Consider a simple regression of Sales on Income
lm(formula = sales ~ income)
Estimate Std. Error t value Pr(>|t|)
(Intercept) 120.4583 58.6327 2.054 0.0442 *
income 6.0807 0.9066 6.707 6.89e-09 ***
---
F-statistic: 44.99 on 1 and 62 DF, p-value: 6.888e-09
Compare the $p$-values on the overall F test and for the slope on income. Why are they equal?
A random variable $T_\nu$ follows a $t_\nu$ distribution if it can be expressed as follows:
\begin{align*} T_\nu &= \frac{Z}{\sqrt{\sum_{i=1}^\nu Z_i^2/\nu}}, \end{align*}where $Z,Z_1,\dots,Z_\nu\overset{iid}{\sim}N(0,1)$.

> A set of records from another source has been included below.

(* Let $N\in\mathbb{N}$ with $N\ge3$ and $n\in\mathbb{N}$ with $n\ge n_N$. Then there is a real $E$ with $|E|\le\frac{2\cdot10^{-2}}{24^{N/2}}n^{-\frac{N+2}{2}}$ such that \[ e^{\frac{\pi\sqrt{24n+1}}{3\sqrt2}}=e^{2\pi\sqrt{\frac n3}}\left(\sum_{m=0}^{N+1}\frac{b(m)}{n^{\frac m2}}+E\right). \]
   Context: $n_N:=\left(\frac{3(3N+4)\log(6N+8)}{1.3^2}\right)^4$. For $m\in\mathbb{N}_0$: $e_1(0):=1$, $e_1(m):=\frac{(2m-1)!}{(-96)^m}\sum_{\nu=1}^{m}\frac{(-\pi^2/18)^\nu}{(2\nu-1)!(\nu+m)!(m-\nu)!}$ for $m\ge1$; $o_1(m):=\frac{\pi(2m)!}{24\sqrt3(-96)^m}\sum_{\nu=0}^{m}\frac{(-\pi^2/18)^\nu}{(2\nu)!(m-\nu)!(\nu+m+1)!}$; and $b(2m):=e_1(m)$, $b(2m+1):=o_1(m)$. *)

From Stdlib Require Import Reals Lra Lia Factorial.
Open Scope R_scope.

Definition nN (N : nat) : R :=
  (3 * (3 * INR N + 4) * ln (6 * INR N + 8) / (13/10) ^ 2) ^ 4.

(* finite sum over nu = a .. b (inclusive); empty if b < a *)
Definition sum_range (a b : nat) (f : nat -> R) : R :=
  sum_f_R0 (fun k => f (a + k)%nat) (b - a) * (if Nat.leb a b then 1 else 0).

Definition e1 (m : nat) : R :=
  match m with
  | O => 1
  | S _ =>
    INR (fact (2 * m - 1)) / (-96) ^ m *
    sum_range 1 m (fun nu =>
      (- PI ^ 2 / 18) ^ nu /
      (INR (fact (2 * nu - 1)) * INR (fact (nu + m)) * INR (fact (m - nu))))
  end.

Definition o1 (m : nat) : R :=
  PI * INR (fact (2 * m)) / (24 * sqrt 3 * (-96) ^ m) *
  sum_range 0 m (fun nu =>
    (- PI ^ 2 / 18) ^ nu /
    (INR (fact (2 * nu)) * INR (fact (m - nu)) * INR (fact (nu + m + 1)))).

Definition b (k : nat) : R :=
  if Nat.even k then e1 (Nat.div2 k) else o1 (Nat.div2 k).

(** With [y = 24 n], [u = 1 / sqrt y] and [t = sqrt (y + 1) - sqrt y], the two exponents differ
    by [kappa * t] with [kappa = PI / (3 sqrt 2)], so the claim bounds the truncation error of
    [exp (kappa t)] expanded in powers of [u].  The number [t] is the root of
    [u t^2 + 2 t - u = 0] in [[0, 1]], i.e. [t = (sqrt (1 + u^2) - 1) / u], and its powers have
    explicit expansions [t^k = sum_n tcoef n k u^n] with ballot-number coefficients satisfying
    [|tcoef n k| <= k / n]; this is proved by checking that both sides obey the same three-term
    recurrence in [k], which has no nonzero bounded solution.  Expanding
    [exp (kappa t) = sum_k kappa^k t^k / k!] and collecting powers of [u] gives coefficients
    [acoef kappa m = b m * sqrt 24 ^ m].  Truncating at order [M = N + 1] costs at most
    [kappa e^kappa u^(M+1) / ((M + 1) (1 - u))] from the expansions of the [t^k] plus the Taylor
    tail of [exp], and both together stay below [0.48 u^(M+1)] once [u <= 1/10]. *)

From Stdlib Require Import Reals Lra Lia Factorial Bool.
From Coquelicot Require Import Coquelicot.
Open Scope R_scope.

All of our $t$-statistics can be expressed in this form under the stronger linear model!
A random variable $F_{\nu_1, \nu_2}$ follows a $\mathcal{F}_{\nu_1,\nu_2}$ distribution if it can be expressed as follows:
\begin{align*} F_{\nu_1,\nu_2} &= \frac{\sum_{i=1}^{\nu_1} W_i^2/\nu_1}{\sum_{j=1}^{\nu_2} Z_j^2/{\nu_2}}, \end{align*}where $W_1,\dots,W_{\nu_1}, Z_1,\dots,Z_{\nu_2}\overset{iid}{\sim}N(0,1)$.
All of our $F$-statistics can be expressed in this form under the stronger linear model!